### Exercise
Copy out the lines of the records below, and only those lines, from the one with "by rewrite mul0r." through the one with "Variables (n : nat)", exactly as they appear.

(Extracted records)
(* For a $d$-regular simple graph ($d\ge3$) quantised with equi-transmitting scattering matrices, every $g\in G_2$ satisfies $$\|Mg\|_{\mathbb{C}^{2B}}=\frac{\|g\|_{\mathbb{C}^{2B}}}{d-1}.$$
   Context: For directed bond $b$, $o(b),t(b)$ are origin and terminus, $\bar b$ its reversal. For equi-transmitting quantisation, $M$ is the $2B\times2B$ matrix with $M_{bc}=\frac1{d-1}$ if $t(b)=o(c)$ and $c\ne\bar b$, and $0$ otherwise. $e_v\in\mathbb{C}^{2B}$ has component $1$ on each directed bond with origin $v$, $0$ elsewhere; $G_1=\mathrm{span}\{e_v\}$ and $G_2=G_1^{\perp}$ (orthogonal complement in $\mathbb{C}^{2B}$). *)

From HB Require Import structures.
From mathcomp Require Import all_boot all_order all_algebra all_field.
Set Implicit Arguments. Unset Strict Implicit. Unset Printing Implicit Defensive.
Import Order.TTheory GRing.Theory Num.Theory.
Local Open Scope ring_scope.

(* Directed bonds are ordered pairs (u,v) with e u v;
   their type is {p : T * T | e p.1 p.2} (a finType with 2B elements). *)
Definition simple_graph (T : finType) (e : rel T) : Prop :=
  symmetric e /\ irreflexive e.

Definition regular (T : finType) (e : rel T) (d : nat) : Prop :=
  forall v : T, #|[set w | e v w]| = d.

Section Bonds.
Variables (T : finType) (e : rel T).
Notation bond := {p : T * T | e p.1 p.2}.

Definition orig (b : bond) : T := (val b).1.
Definition term (b : bond) : T := (val b).2.
Definition is_rev (b c : bond) : bool := val c == (term b, orig b).

Definition Mmat (d : nat) (b c : bond) : algC :=
  if (term b == orig c) && ~~ is_rev b c then (d.-1)%:R^-1 else 0.

Definition Mapp (d : nat) (g : bond -> algC) : bond -> algC :=
  fun b => \sum_c Mmat d b c * g c.

Definition cdot (f g : bond -> algC) : algC := \sum_b f b * (g b)^*.
Definition cnorm (g : bond -> algC) : algC := sqrtC (\sum_b `|g b| ^+ 2).

Definition evec (v : T) : bond -> algC := fun b => if orig b == v then 1 else 0.

Definition inG1 (x : bond -> algC) : Prop :=
  exists a : T -> algC, forall b, x b = \sum_v a v * evec v b.
Definition inG2 (g : bond -> algC) : Prop :=
  forall x, inG1 x -> cdot x g = 0.
End Bonds.

(* For g orthogonal to every e_v, the values of g on the bonds leaving a
   vertex sum to 0.  The bonds c with t(b) = o(c) and c <> rev b are all the
   bonds leaving t(b) except rev b, so (Mg)(b) = - g(rev b) / (d - 1); since
   reversal permutes the bonds, the norm scales exactly by 1 / (d - 1). *)
From HB Require Import structures.
From mathcomp Require Import all_boot all_order all_algebra all_field.
Set Implicit Arguments.
Unset Strict Implicit.
Unset Printing Implicit Defensive.
Import Order.TTheory GRing.Theory Num.Theory.
Local Open Scope ring_scope.

Section Bonds.
Variables (T : finType) (e : rel T).
Notation bond := {p : T * T | e p.1 p.2}.

Lemma eq_cnorm (f g : bond -> algC) : f =1 g -> cnorm f = cnorm g.
Proof. by move=> fg; rewrite /cnorm; under eq_bigr do rewrite fg. Qed.

Lemma cnormZ (a : algC) (g : bond -> algC) :
  cnorm (fun b => a * g b) = `|a| * cnorm g.
Proof.
rewrite /cnorm (eq_bigr (fun b => `|a| ^+ 2 * `|g b| ^+ 2)); last first.
  by move=> b _; rewrite normrM exprMn.
rewrite -mulr_sumr sqrtCM ?sqrCK //; rewrite qualifE /=.
- exact: exprn_ge0.
- by apply: sumr_ge0 => b _; rewrite exprn_ge0.
Qed.

Lemma inG1_evec (v : T) : inG1 (evec (e := e) v).
Proof.
exists (fun w => (w == v)%:R) => b.
rewrite (bigD1 v) //= eqxx mul1r big1 ?addr0 // => w /negbTE->.
by rewrite mul0r.
Qed.

Lemma inG2_sum_orig (g : bond -> algC) : inG2 g ->
  forall v, \sum_(c | orig c == v) g c = 0.
Proof.
move=> g2 v; move/(_ _ (inG1_evec v)): g2; rewrite /cdot.
rewrite (eq_bigr (fun c => if orig c == v then (g c)^* else 0)); last first.
  by move=> c _; rewrite /evec; case: ifP; rewrite ?mul1r ?mul0r.
by rewrite -big_mkcond -rmorph_sum => /eqP; rewrite conjC_eq0 => /eqP.
Qed.

Hypothesis e_sym : symmetric e.

Lemma rev_subproof (b : bond) : e (term b) (orig b).
Proof. by rewrite e_sym; exact: valP b. Qed.

Definition rev (b : bond) : bond := exist _ (term b, orig b) (rev_subproof b).

Lemma revK : involutive rev.
Proof. by move=> [[x y] h]; apply: val_inj. Qed.

Lemma is_revE (b c : bond) : is_rev b c = (c == rev b).
Proof. by rewrite /is_rev -val_eqE. Qed.

Lemma cnorm_rev (g : bond -> algC) : cnorm (g \o rev) = cnorm g.
Proof.
rewrite /cnorm (reindex_inj (can_inj revK)) /=.
by under eq_bigr do rewrite revK.
Qed.

(* Holds for every d: for d <= 1 both sides vanish, as 0^-1 = 0 in algC. *)
Lemma Mapp_inG2 (d : nat) (g : bond -> algC) :
  inG2 g -> forall b, Mapp d g b = - (d.-1)%:R^-1 * g (rev b).
Proof.
move=> g2 b; rewrite /Mapp /Mmat.
under eq_bigr do rewrite (fun_if (fun x => x * _)) mul0r.
rewrite -big_mkcond /= -mulr_sumr mulNr -mulrN; congr (_ * _).
have := inG2_sum_orig g2 (term b).
rewrite (bigD1 (rev b)) //= => /eqP; rewrite addrC addr_eq0 => /eqP<-.
by apply: eq_bigl => c; rewrite is_revE eq_sym.
Qed.

End Bonds.

Theorem lemma10 (T : finType) (e : rel T) (d : nat)
  (Hsimple : simple_graph e) (Hreg : regular e d) (Hd : (3 <= d)%N)
  (g : {p : T * T | e p.1 p.2} -> algC) :
  inG2 g ->
  cnorm (Mapp d g) = cnorm g / (d.-1)%:R.
Proof.
move=> g2; have [e_sym _] := Hsimple.
rewrite (eq_cnorm (Mapp_inG2 e_sym d g2)).
rewrite (cnormZ _ (g \o rev e_sym)) cnorm_rev normrN mulrC.
by rewrite ger0_norm // invr_ge0 ler0n.
Qed.
Section successor.
Variables (n : nat) (mu : {sigma_finite_measure set (n.-tuple R) -> \bar R}).

Definition tcons (p : R * n.-tuple R) : n.+1.-tuple R := cons_tuple p.1 p.2.

Definition tuncons (t : n.+1.-tuple R) : R * n.-tuple R :=
  (thead t, [tuple of behead t]).

Lemma tconsK : cancel tcons tuncons.
Proof. by case=> x t; congr pair; apply: val_inj. Qed.

Lemma measurable_tcons : measurable_fun [set: R * n.-tuple R] tcons.
Proof. exact: (@measurable_cons _ _ _ _ fst n snd). Qed.

Lemma measurable_tuncons : measurable_fun [set: n.+1.-tuple R] tuncons.
Proof.
by apply/measurable_fun_pairP; split; [exact: measurable_tnth|exact: measurable_behead].
Qed.

Definition lebesgue_tuple_succ := pushforward (@lebesgue_measure R \x mu)%E tcons.

(* The library's push-forward instance is parameterised by the measurability
   of the map, which inference cannot supply. *)
HB.instance Definition _ := Measure.copy lebesgue_tuple_succ
  (@measure_function_pushforward__canonical__measure_function_Measure
     _ _ _ _ _ (@lebesgue_measure R \x mu)%E tcons measurable_tcons).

### Reply
by rewrite mul0r.
Qed.

Lemma inG2_sum_orig (g : bond -> algC) : inG2 g ->
  forall v, \sum_(c | orig c == v) g c = 0.
Proof.
move=> g2 v; move/(_ _ (inG1_evec v)): g2; rewrite /cdot.
rewrite (eq_bigr (fun c => if orig c == v then (g c)^* else 0)); last first.
  by move=> c _; rewrite /evec; case: ifP; rewrite ?mul1r ?mul0r.
by rewrite -big_mkcond -rmorph_sum => /eqP; rewrite conjC_eq0 => /eqP.
Qed.

Hypothesis e_sym : symmetric e.

Lemma rev_subproof (b : bond) : e (term b) (orig b).
Proof. by rewrite e_sym; exact: valP b. Qed.

Definition rev (b : bond) : bond := exist _ (term b, orig b) (rev_subproof b).

Lemma revK : involutive rev.
Proof. by move=> [[x y] h]; apply: val_inj. Qed.

Lemma is_revE (b c : bond) : is_rev b c = (c == rev b).
Proof. by rewrite /is_rev -val_eqE. Qed.

Lemma cnorm_rev (g : bond -> algC) : cnorm (g \o rev) = cnorm g.
Proof.
rewrite /cnorm (reindex_inj (can_inj revK)) /=.
by under eq_bigr do rewrite revK.
Qed.

(* Holds for every d: for d <= 1 both sides vanish, as 0^-1 = 0 in algC. *)
Lemma Mapp_inG2 (d : nat) (g : bond -> algC) :
  inG2 g -> forall b, Mapp d g b = - (d.-1)%:R^-1 * g (rev b).
Proof.
move=> g2 b; rewrite /Mapp /Mmat.
under eq_bigr do rewrite (fun_if (fun x => x * _)) mul0r.
rewrite -big_mkcond /= -mulr_sumr mulNr -mulrN; congr (_ * _).
have := inG2_sum_orig g2 (term b).
rewrite (bigD1 (rev b)) //= => /eqP; rewrite addrC addr_eq0 => /eqP<-.
by apply: eq_bigl => c; rewrite is_revE eq_sym.
Qed.

End Bonds.

Theorem lemma10 (T : finType) (e : rel T) (d : nat)
  (Hsimple : simple_graph e) (Hreg : regular e d) (Hd : (3 <= d)%N)
  (g : {p : T * T | e p.1 p.2} -> algC) :
  inG2 g ->
  cnorm (Mapp d g) = cnorm g / (d.-1)%:R.
Proof.
move=> g2; have [e_sym _] := Hsimple.
rewrite (eq_cnorm (Mapp_inG2 e_sym d g2)).
rewrite (cnormZ _ (g \o rev e_sym)) cnorm_rev normrN mulrC.
by rewrite ger0_norm // invr_ge0 ler0n.
Qed.
Section successor.
Variables (n : nat) (mu : {sigma_finite_measure set (n.-tuple R) -> \bar R}).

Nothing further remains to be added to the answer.